Tuesday, March 9, 1999

Kristen and I had an appointment today. She prefaced her session with, "You are going to kill me but..." I finished her sentence, "You are back with Pete." Kristin sheepishly nodded and invited Pete into her session. We talked. We agreed to work together in helping Pete let Kristin into his life.

Kristen is clear that her job is to make sure she does not slip into allowing Pete to get away with any disrespectful behavior towards her. Even if it means pulling away from him. She has seen what happens when she makes excuses for him or pins the blame on herself: he becomes more offensive. He can't help it right now. He has contempt for her when she "takes" it, though I am not certain he recognizes that yet. Kristen's most difficult challenge will not be to stand up for herself. It will be to simply notice that she is being disrespected!

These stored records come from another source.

Lemma norming_functional_intro A f :
  is_bounded_op p A -> op_norm p A = 1 ->
  (forall B C a b, is_bounded_op p B -> is_bounded_op p C ->
     f (op_lin a B b C) = a * f B + b * f C) ->
  (forall B, is_bounded_op p B -> Rabs (f B) <= op_norm p B) ->
  f A = 1 ->
  norming_functional p A f.
Proof.
  intros HA HnA Hlin Hle HfA.
  split; [split; [exact Hlin | exists 1; intros B HB; rewrite Rmult_1_l; auto] | split].
  - apply sup_eq. split.
    + intros r [B [HB [HnB ->]]]. eapply Rle_trans; [apply Hle, HB | exact HnB].
    + intros b Hb. apply Hb. exists A. rewrite HnA, HfA, Rabs_R1. auto with real.
  - rewrite HfA, HnA. reflexivity.
Qed.

Lemma not_smooth_of_norming_functionals A f g B :
  norming_functional p A f -> norming_functional p A g -> is_bounded_op p B ->
  f B <> g B -> ~ smooth_point p A.
Proof.
  intros Hf Hg HB Hfg [h [_ Hh]]. apply Hfg. rewrite (Hh f Hf B HB), (Hh g Hg B HB). reflexivity.
Qed.

End Lp.

Record is_ultrafilter (U : (nat -> Prop) -> Prop) : Prop := {
  uf_tail : forall N, U (fun n => (N <= n)%nat);
  uf_and : forall P Q, U P -> U Q -> U (fun n => P n /\ Q n);
  uf_mono : forall P Q : nat -> Prop, (forall n, P n -> Q n) -> U P -> U Q;
  uf_proper : ~ U (fun _ => False);
  uf_compl : forall P, U P \/ U (fun n => ~ P n) }.

Lemma ultrafilter_exists : exists U, is_ultrafilter U.
Proof.
  destruct (filter.ultraFilterLemma filter.eventually_filter) as [G [GU HG]].
  exists G. split.
  - intros N. apply HG. exists N; [exact I |]. intros n Hn. exact (ssrbool.elimT ssrnat.leP Hn).
  - intros P Q HP HQ. exact (@filter.filterI _ G _ P Q HP HQ).
  - intros P Q HPQ. apply filter.filterS. exact HPQ.
  - exact (@filter.filter_not_empty _ G _).
  - intros P. exact (filter.in_ultra_setVsetC P GU).
Qed.

Section UltraLimit.

Variable U : (nat -> Prop) -> Prop.
Hypothesis HU : is_ultrafilter U.

Definition ulim_to (u : nat -> R) (l : R) : Prop :=
  forall eps, 0 < eps -> U (fun n => Rabs (u n - l) < eps).

Definition ulim (u : nat -> R) : R := epsilon (inhabits 0) (ulim_to u).

Lemma ulim_to_unique u l1 l2 : ulim_to u l1 -> ulim_to u l2 -> l1 = l2.
Proof.
  intros H1 H2. destruct (Req_dec l1 l2) as [E | E]; [exact E | exfalso].
  set (e := Rabs (l1 - l2) / 2).
  assert (He : 0 < e) by (apply Rdiv_lt_0_compat; [apply Rabs_pos_lt | ]; lra).
  apply (uf_proper U HU).
  refine (uf_mono U HU _ _ _ (uf_and U HU _ _ (H1 e He) (H2 e He))).
  intros n [A B]. pose proof (dist_le_triang l1 l2 (u n)). unfold e in *. lra.
Qed.

Lemma ulim_to_exists u C : (forall n, Rabs (u n) <= C) -> exists l, ulim_to u l.
Proof.
  intros Hb.
  assert (Hbounds : forall n, - C <= u n <= C).
  { intros n. pose proof (Hb n). pose proof (Rle_abs (u n)). pose proof (Rle_abs (- u n)).
    rewrite Rabs_Ropp in *. lra. }
  (* The U-limit is the supremum of the l with l <= u n for U-almost every n. *)
  set (E := fun l => U (fun n => l <= u n)).
  assert (HE_low : E (- C)).
  { exact (uf_mono U HU _ _ (fun n _ => proj1 (Hbounds n)) (uf_tail U HU 0)). }
  assert (HE_up : forall l, E l -> l <= C).
  { intros l Hl. apply Rnot_lt_le. intros HCl. apply (uf_proper U HU).
    refine (uf_mono U HU _ _ _ Hl). intros n Hn. pose proof (Hbounds n). lra. }
  destruct (completeness E (ex_intro _ C HE_up) (ex_intro _ _ HE_low)) as [L [HLub HLleast]].
  exists L. intros eps Heps.
  assert (Hbelow : U (fun n => L - eps < u n)).
  { apply NNPP. intros HnU. assert (Hub : is_upper_bound E (L - eps)).
    { intros l Hl. apply Rnot_lt_le. intros Hlt. apply HnU.
      refine (uf_mono U HU _ _ _ Hl). intros n Hn. lra. }
    pose proof (HLleast _ Hub). lra. }
  assert (Habove : U (fun n => u n < L + eps)).
  { destruct (uf_compl U HU (fun n => u n < L + eps)) as [H | H]; [exact H | exfalso].
    assert (HE : E (L + eps)) by (refine (uf_mono U HU _ _ _ H); intros n Hn; lra).
    pose proof (HLub _ HE). lra. }
  refine (uf_mono U HU _ _ _ (uf_and U HU _ _ Hbelow Habove)).
  intros n [B1 B2]. apply Rabs_def1; lra.
Qed.

Lemma ulim_eq u l : ulim_to u l -> ulim u = l.
Proof.
  intros Hl. apply (ulim_to_unique u); [| exact Hl].
  exact (epsilon_spec (inhabits 0) (ulim_to u) (ex_intro _ l Hl)).
Qed.

Lemma ulimP u C : (forall n, Rabs (u n) <= C) -> ulim_to u (ulim u).
Proof.
  intros Hb. destruct (ulim_to_exists u C Hb) as [l Hl]. rewrite (ulim_eq u l Hl). exact Hl.
Qed.

Lemma ulim_of_cv u l : Un_cv u l -> ulim u = l.
Proof.
  intros Hu. apply ulim_eq. intros eps Heps. destruct (Hu eps Heps) as [N HN].
  exact (uf_mono U HU _ _ HN (uf_tail U HU N)).
Qed.

Lemma ulim_abs_le u C : (forall n, Rabs (u n) <= C) -> Rabs (ulim u) <= C.
Proof.
  intros Hb. apply Rnot_lt_le. intros HC. apply (uf_proper U HU).
  refine (uf_mono U HU _ _ _ (ulimP u C Hb (Rabs (ulim u) - C) ltac:(lra))).
  intros n Hn. pose proof (Hb n). pose proof (dist_le_triang (ulim u) 0 (u n)).
  rewrite !Rminus_0_r in *. lra.
Qed.

Lemma ulim_lin u v a b Cu Cv :
  (forall n, Rabs (u n) <= Cu) -> (forall n, Rabs (v n) <= Cv) ->
  ulim (fun n => a * u n + b * v n) = a * ulim u + b * ulim v.
Proof.
  intros Hu Hv. apply ulim_eq. intros eps Heps.
  set (K := Rabs a + Rabs b + 1).
  assert (HK : 0 < K) by (unfold K; pose proof (Rabs_pos a); pose proof (Rabs_pos b); lra).
  set (d := eps / K).
  assert (Hd : 0 < d) by (apply Rdiv_lt_0_compat; lra).
  assert (HdK : d * K = eps) by (unfold d; field; lra).
  refine (uf_mono U HU _ _ _ (uf_and U HU _ _ (ulimP u Cu Hu d Hd) (ulimP v Cv Hv d Hd))).
  intros n [Bu Bv].
  replace (a * u n + b * v n - (a * ulim u + b * ulim v))
    with (a * (u n - ulim u) + b * (v n - ulim v)) by ring.
  eapply Rle_lt_trans; [apply Rabs_triang |]. rewrite !Rabs_mult.
  pose proof (Rmult_le_compat_l _ _ _ (Rabs_pos a) (Rlt_le _ _ Bu)).
  pose proof (Rmult_le_compat_l _ _ _ (Rabs_pos b) (Rlt_le _ _ Bv)).
  unfold K in HdK. nra.
Qed.

End UltraLimit.

Definition diag_entry (k : nat) (A : Op) : R := A (en k) k.

Definition diag_ulim (U : (nat -> Prop) -> Prop) (A : Op) : R :=
  ulim U (fun n => diag_entry n A).

Lemma diag_entry_norming p A k :
  0 < p -> is_bounded_op p A -> op_norm p A = 1 -> diag_entry k A = 1 ->
  norming_functional p A (diag_entry k).
Proof.
  intros Hp HA HnA HAk. apply norming_functional_intro; [exact HA | exact HnA | | | exact HAk].
  - intros B C a b _ _. reflexivity.
  - intros B HB. apply matrix_entry_le_op_norm; assumption.
Qed.

Lemma diag_ulim_norming p U A :
  0 < p -> is_ultrafilter U -> is_bounded_op p A -> op_norm p A = 1 ->
  Un_cv (fun n => diag_entry n A) 1 ->
  norming_functional p A (diag_ulim U).
Proof.
  intros Hp HU HA HnA Hcv. apply norming_functional_intro; [exact HA | exact HnA | | |].
  - intros B C a b HB HC. apply (ulim_lin U HU _ _ a b (op_norm p B) (op_norm p C));
      intros n; apply matrix_entry_le_op_norm; assumption.
  - intros B HB. apply (ulim_abs_le U HU). intros n. apply matrix_entry_le_op_norm; assumption.
  - apply ulim_of_cv; assumption.
Qed.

Pete knows his task is the harder one: to face his fears of intimacy - without acting out (much). Pete sees how he has lied to himself and to his friends. He sees that he has surrounded himself with a group of men who support each other in their mutual anger. But Pete has woken up. He is tired of not feeling. He is tired of the appearance of success when the internal life is empty. He is empty and bored and looking to fill internal space because he cannot sit still with himself long enough to hear what his inner self has to say.

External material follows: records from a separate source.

Lemma omega_gt1 (t : R) : 0 < t -> 1 < omega n p t.
Proof.
move=> t0; have rp := rootp_gt0.
rewrite /omega expr_gt1 ?addr_ge0 ?divr_ge0 ?ltW //; last by rewrite -subn1 subn_gt0.
by rewrite ltrDl divr_gt0.
Qed.

Lemma omega_le (s t : R) : 0 <= s -> s <= t -> omega n p s <= omega n p t.
Proof.
move=> s0 st; have t0 := le_trans s0 st; have rp := rootp_gt0.
rewrite /omega lerXn2r ?nnegrE ?addr_ge0 ?divr_ge0 ?(ltW rp) //.
by rewrite lerD2l ler_pM2r ?invr_gt0.
Qed.

Lemma omega_sub1_scale (c t : R) : 0 <= c <= 1 -> 0 <= t ->
  omega n p (c * t) - 1 <= c * (omega n p t - 1).
Proof.
by move=> c01 t0; rewrite /omega -mulrA expr1DM_sub1_le // divr_ge0 // ltW // rootp_gt0.
Qed.

(* AM-GM on the n - 1 factors, then the power-mean inequality. *)
Lemma prod1D_le_omega (t s : 'I_n -> R) (i : 'I_n) (c : R) :
  (forall j, 0 <= t j) -> 0 <= c -> (forall j, j != i -> 0 <= s j <= c * t j) ->
  \prod_(j < n | j != i) (1 + s j) <= omega n p (c * pnorm p t).
Proof.
move=> t0 c0 st.
apply: le_trans (_ : \prod_(j < n | j != i) (1 + c * t j) <= _).
  apply: ler_prod => j ji; have /andP[s0 sc] := st j ji.
  by rewrite addr_ge0 //= lerD2l.
have hA : {in predC1 i, forall j, 0 <= 1 + c * t j}.
  by move=> j _; rewrite addr_ge0 // mulr_ge0.
apply: le_trans (leif_AGM hA).1 _; rewrite cardC1 card_ord.
have m0 : (0 : R) < (n.-1)%:R by rewrite ltr0n -subn1 subn_gt0.
rewrite /omega lerXn2r ?nnegrE //.
- by rewrite divr_ge0 ?sumr_ge0 // => j _; rewrite addr_ge0 // mulr_ge0.
- by rewrite addr_ge0 // divr_ge0 ?mulr_ge0 ?pnorm_ge0 // ltW // rootp_gt0.
rewrite big_split /= sumr_const cardC1 card_ord -mulr_sumr mulrDl.
rewrite mulfV ?gt_eqF // lerD2l -!mulrA ler_wpM2l //.
apply: le_trans (mean_predC1_le_pnorm p1 t i n1); rewrite ler_pM2r ?invr_gt0 //.
by apply: ler_sum => j _; rewrite ger0_norm.
Qed.

Lemma Psi_le (s t : R) : 0 <= s -> s <= t -> Psi n p s <= Psi n p t.
Proof.
move=> s0 st; have t0 := le_trans s0 st; rewrite /Psi.
apply: ler_pM.
- by rewrite addr_ge0 ?mulr_ge0.
- exact: le_trans ler01 (omega_ge1 s0).
- by rewrite lerD2l ler_pM2l.
- exact: omega_le.
Qed.

Section PsiLe2.
Variable E : R.
Hypotheses (E0 : 0 <= E) (PsiE : Psi n p E <= 2).

Lemma Psi_le2_half : E <= 2^-1.
Proof. by have := omega_ge1 E0; move: PsiE; rewrite /Psi; nra. Qed.

Lemma phi_den_gt0 : 0 < 1 - 2 * E * omega n p E.
Proof.
have [->|E_neq0] := eqVneq E 0; first by rewrite mulr0 mul0r subr0.
have Epos : 0 < E by rewrite lt_neqAle eq_sym E_neq0.
by have := omega_gt1 Epos; move: PsiE; rewrite /Psi; nra.
Qed.

Lemma omega_lt2 : omega n p E < 2.
Proof.
have [->|E_neq0] := eqVneq E 0; first by rewrite omega0 ltr1n.
have Epos : 0 < E by rewrite lt_neqAle eq_sym E_neq0.
by have := omega_gt1 Epos; move: PsiE; rewrite /Psi; nra.
Qed.

Lemma phi_ge0 : 0 <= phi n p E.
Proof.
by apply: divr_ge0; [rewrite subr_ge0; apply: omega_ge1 | apply: ltW; apply: phi_den_gt0].
Qed.

Lemma phi_le1 : phi n p E <= 1.
Proof.
by rewrite /phi ler_pdivrMr ?phi_den_gt0 // mul1r; move: PsiE; rewrite /Psi; nra.
Qed.

Lemma omega_sub1_le_phi : omega n p E - 1 <= phi n p E.
Proof.
have d0 := phi_den_gt0; have w1 := omega_ge1 E0.
rewrite /phi ler_pdivlMr //.
have : 0 <= (omega n p E - 1) * (2 * E * omega n p E).
  by rewrite mulr_ge0 ?mulr_ge0 //; lra.
nra.
Qed.

Lemma phi_den_le (t : R) : 0 <= t -> t <= E ->
  1 - 2 * E * omega n p E <= 1 - 2 * t * omega n p t.
Proof.
move=> t0 tE; have wt := omega_le t0 tE; have wt1 := omega_ge1 t0.
have : t * omega n p t <= E * omega n p E by apply: ler_pM => //; lra.
lra.
Qed.

Lemma phi_le_scale (s t : R) : 0 <= s <= 1 -> 0 <= t -> t <= s * E ->
  phi n p t <= s * phi n p E.
Proof.
move=> /andP[s0 s1] t0 ts.
have tE : t <= E by apply: le_trans ts _; rewrite -{2}(mul1r E) ler_wpM2r.
have d0 := phi_den_gt0; have dt := phi_den_le t0 tE.
have wts := omega_le t0 ts.
have ws := @omega_sub1_scale s E (introT andP (conj s0 s1)) E0.
have wt1 := omega_ge1 t0.
rewrite /phi mulrA ler_pdivrMr; last exact: lt_le_trans dt.
apply: (@le_trans _ _ (s * (omega n p E - 1))); first lra.
rewrite -[X in X <= _](@divfK _ (1 - 2 * E * omega n p E)) ?gt_eqF //.
apply: ler_wpM2l dt; rewrite divr_ge0 ?(ltW d0) // mulr_ge0 // subr_ge0.
exact: omega_ge1.
Qed.

Lemma phi_le_linear (t : R) : 0 <= t -> t <= E ->
  phi n p t <= t * ((omega n p 1 - 1) / (1 - 2 * E * omega n p E)).
Proof.
move=> t0 tE.
have t1 : t <= 1 by have := Psi_le2_half; lra.
have d0 := phi_den_gt0; have dt := phi_den_le t0 tE.
have wt := @omega_sub1_scale t 1 (introT andP (conj t0 t1)) ler01.
rewrite mulr1 in wt.
have w1 := omega_ge1 ler01.
rewrite /phi mulrA ler_pdivrMr; last exact: lt_le_trans dt.
apply: (@le_trans _ _ (t * (omega n p 1 - 1))); first lra.
rewrite -[X in X <= _](@divfK _ (1 - 2 * E * omega n p E)) ?gt_eqF //.
by apply: ler_wpM2l dt; rewrite divr_ge0 ?(ltW d0) // mulr_ge0 // subr_ge0.
Qed.

End PsiLe2.
End OmegaPhi.

Section MinDistance.
Variables (K : fieldType) (R : realType) (abs : K -> R) (n : nat).
Hypotheses (habs : is_abs abs) (n1 : (1 < n)%N).

Lemma exists_neq (i : 'I_n) : exists j : 'I_n, j != i.
Proof.
case: (pickP (predC1 i)) => [j ji|none]; first by exists j.
have : #|predC1 i| = 0%N by apply: eq_card0.
by rewrite cardC1 card_ord; move: n1; lia.
Qed.

Lemma dvec_le (x : 'I_n -> K) i j : j != i -> dvec abs x i <= abs (x i - x j).
Proof. by move=> ji; apply: (bigmin_le_cond _ (fun j => abs (x i - x j))). Qed.

Lemma dvec_ge (x : 'I_n -> K) i b :
  (forall j, j != i -> b <= abs (x i - x j)) -> b <= dvec abs x i.
Proof.
move=> xb; apply/bigmin_geP; split => //.
have [j ji] := exists_neq i.
rewrite (bigD1 j) //=; apply: le_trans (xb j ji) _.
by rewrite lerDl sumr_ge0 // => k _; apply: abs_ge0.
Qed.

Lemma dvec_gt0 (x : 'I_n -> K) i :
  (forall j, j != i -> x i != x j) -> 0 < dvec abs x i.
Proof.
move=> xi_neq; have [j ji] := exists_neq i.
have gt0 k : k != i -> 0 < abs (x i - x k) by move=> ki; rewrite abs_gt0 // subr_eq0 xi_neq.
apply: lt_bigmin => [|k ki]; last exact: gt0.
rewrite (bigD1 j) //=; apply: lt_le_trans (gt0 j ji) _.
by rewrite lerDl sumr_ge0 // => k _; apply: abs_ge0.
Qed.

End MinDistance.

Section Correction.
Variables (K : fieldType) (n : nat) (f : {poly K}) (xi : 'I_n -> K).
Hypotheses (hf : root_vector f xi) (a0 : lead_coef f != 0).

(* Dividing f(x_i) = a_0 prod_j (x_i - xi_j) by a_0 prod_{j != i} (x_i - y_j). *)
Lemma sub_TmapS m (x : 'I_n -> K) i :
  (forall j, j != i -> x i != Tmap f m x j) ->
  x i - Tmap f m.+1 x i = (x i - xi i) *
    \prod_(j < n | j != i) (1 + (Tmap f m x j - xi j) / (x i - Tmap f m x j)).
Proof.
rewrite [Tmap _ m.+1 _ _]/=; set y := Tmap f m x => xy.
have den0 : \prod_(j < n | j != i) (x i - y j) != 0.
  by rewrite prodf_seq_neq0; apply/allP => j _; apply/implyP => ji; rewrite subr_eq0 xy.
have -> : \prod_(j < n | j != i) (1 + (y j - xi j) / (x i - y j)) =
          \prod_(j < n | j != i) ((x i - xi j) / (x i - y j)).
  apply: eq_bigr => j ji; have xyj : x i - y j != 0 by rewrite subr_eq0 xy.
  by rewrite -{1}(divff xyj) -mulrDl addrA subrK.
rewrite prodf_div hf (bigD1 i) //=.
by field; rewrite den0 a0.
Qed.

End Correction.

Section MaxError.
Variables (K : fieldType) (R : realType) (abs : K -> R) (n : nat) (xi : 'I_n -> K).

Lemma maxerr_ge0 (x : 'I_n -> K) : 0 <= maxerr abs x xi.
Proof. exact: bigmax_ge_id. Qed.

Lemma maxerr_ge (x : 'I_n -> K) i : abs (x i - xi i) <= maxerr abs x xi.
Proof. exact: (le_bigmax _ (fun i => abs (x i - xi i))). Qed.

End MaxError.

Section OneStep.
Variables (K : fieldType) (R : realType) (abs : K -> R) (n : nat).
Variables (f : {poly K}) (xi : 'I_n -> K) (p : \bar R).
Hypotheses (habs : is_abs abs) (n1 : (1 < n)%N) (hf : root_vector f xi).
Hypotheses (a0 : lead_coef f != 0) (p1 : (1 <= p)%E).

Definition ratio (z : 'I_n -> K) (i : 'I_n) : R := abs (z i - xi i) / dvec abs z i.

Lemma Efun_ge0 (z : 'I_n -> K) : 0 <= Efun abs p xi z.
Proof. exact: pnorm_ge0. Qed.

Variable x : 'I_n -> K.
Hypotheses (hx : forall i j, i != j -> x i != x j) (hPsi : Psi n p (Efun abs p xi x) <= 2).

Local Notation E := (Efun abs p xi x).
Local Notation t := (ratio x).
Local Notation w := (omega n p E).
Local Notation phE := (phi n p E).

Let E0 : 0 <= E. Proof. exact: Efun_ge0. Qed.
Let w1 : 1 <= w. Proof. exact: omega_ge1. Qed.
Let d0 : 0 < 1 - 2 * E * w. Proof. exact: phi_den_gt0. Qed.
Let phE0 : 0 <= phE. Proof. exact: phi_ge0. Qed.
Let phE1 : phE <= 1. Proof. exact: phi_le1. Qed.

Lemma dist_gt0 i j : j != i -> 0 < abs (x i - x j).
Proof. by move=> ji; rewrite abs_gt0 // subr_eq0 hx // eq_sym. Qed.

Lemma dvec_x_gt0 i : 0 < dvec abs x i.
Proof. by apply: dvec_gt0 => // j ji; rewrite hx // eq_sym. Qed.

Lemma ratio_ge0 i : 0 <= t i.
Proof. by rewrite divr_ge0 ?abs_ge0 // ltW // dvec_x_gt0. Qed.

Lemma ratio_le_Efun i : t i <= E.
Proof. by have := pnorm_ge_comp p1 t i; rewrite ger0_norm // ratio_ge0. Qed.

Lemma err_le_ratio_dist i j : j != i -> abs (x i - xi i) <= t i * abs (x i - x j).
Proof.
move=> ji; rewrite -[leLHS](divfK (lt0r_neq0 (dvec_x_gt0 i))).
by rewrite ler_wpM2l ?ratio_ge0 ?dvec_le.
Qed.

Lemma err_le_dist i j : j != i -> abs (x i - xi i) <= E * abs (x i - x j).
Proof.
move=> ji; apply: le_trans (err_le_ratio_dist ji) _.
by rewrite ler_wpM2r ?abs_ge0 ?ratio_le_Efun.
Qed.

Lemma err_le_distC i j : j != i -> abs (x j - xi j) <= E * abs (x i - x j).
Proof. by move=> ji; rewrite (abs_distC habs (x i)) err_le_dist // eq_sym. Qed.

Lemma twoE_lt1 : 2 * E < 1.
Proof. by have := d0; have := w1; have := E0; nra. Qed.

Definition err_factor (m : nat) : R := if m is m'.+1 then (w - 1) * phE ^+ m' else 1.
Definition shift_factor (m : nat) : R := if m is 0 then 0 else w.
Definition quot_factor (m : nat) : R := err_factor m / (1 - shift_factor m * E).

Lemma shift_factor_ge0 m : 0 <= shift_factor m.
Proof. by case: m => //= _; apply: le_trans w1. Qed.

Lemma shift_factor_E_lt1 m : shift_factor m * E < 1.
Proof. by case: m => [|m] /=; rewrite ?mul0r //; have := d0; have := w1; have := E0; nra. Qed.

Lemma err_factor_ge0 m : 0 <= err_factor m.
Proof. by case: m => //= m; rewrite mulr_ge0 ?exprn_ge0 ?subr_ge0. Qed.

Lemma err_factorS_le m : err_factor m.+1 <= w - 1.
Proof.
by rewrite /= -[leRHS]mulr1 ler_wpM2l ?subr_ge0 ?exprn_ile1.
Qed.

Lemma quot_factor_ge0 m : 0 <= quot_factor m.
Proof.
by rewrite divr_ge0 ?err_factor_ge0 // subr_ge0 ltW // shift_factor_E_lt1.
Qed.

Lemma quot_factor_le m : quot_factor m <= phE ^+ m.
Proof.
rewrite /quot_factor; case: m => [|m] /=; first by rewrite mul0r subr0 divr1.
have d1 : 0 < 1 - w * E by have := d0; have := w1; have := E0; nra.
rewrite ler_pdivrMr // exprSr.
have : w - 1 <= phE * (1 - w * E).
  rewrite /phi -ler_pdivrMr // ler_wpM2l ?subr_ge0 // lef_pV2 ?posrE //.
  by have := d0; have := w1; have := E0; nra.
have := exprn_ge0 m phE0; have := phE0; nra.
Qed.

Section Induction.
Variables (m : nat) (y : 'I_n -> K).
Hypothesis y_err : forall j, abs (y j - xi j) <= err_factor m * abs (x j - xi j).
Hypothesis y_shift : forall j, abs (x j - y j) <= shift_factor m * abs (x j - xi j).

Lemma dist_x_y_ge i j : j != i ->
  abs (x i - x j) * (1 - shift_factor m * E) <= abs (x i - y j).
Proof.
move=> ji; have := absB_ge habs (x i - x j) (y j - x j).
have -> : x i - x j - (y j - x j) = x i - y j by ring.
rewrite (abs_distC habs (y j)).
have : shift_factor m * abs (x j - xi j) <= shift_factor m * (E * abs (x i - x j)).
  by rewrite ler_wpM2l ?shift_factor_ge0 ?err_le_distC.
have := y_shift j; lra.
Qed.

Lemma dist_x_y_gt0 i j : j != i -> 0 < abs (x i - y j).
Proof.
move=> ji; apply: lt_le_trans (dist_x_y_ge ji).
by rewrite mulr_gt0 ?dist_gt0 // subr_gt0 shift_factor_E_lt1.
Qed.

Lemma x_neq_y i j : j != i -> x i != y j.
Proof. by move=> /dist_x_y_gt0; apply: contraTneq => ->; rewrite subrr abs0 ?ltxx. Qed.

Pete thinks there is a terrifying journey ahead. What I know and he does not is that the terror exists only where he lives now. As he finds the courage to face what hurts him, shames him, terrifies him, he will see that there was nothing to fear after all. But perhaps Pete should tell his story. I hope he will (Pete: hint, hint).

Kristen and Pete plan to fly to Jamaica in mid-March to get (gasp) married! Let's wish them well and offer them a little prayer. If we're lucky, maybe they'll keep us posted.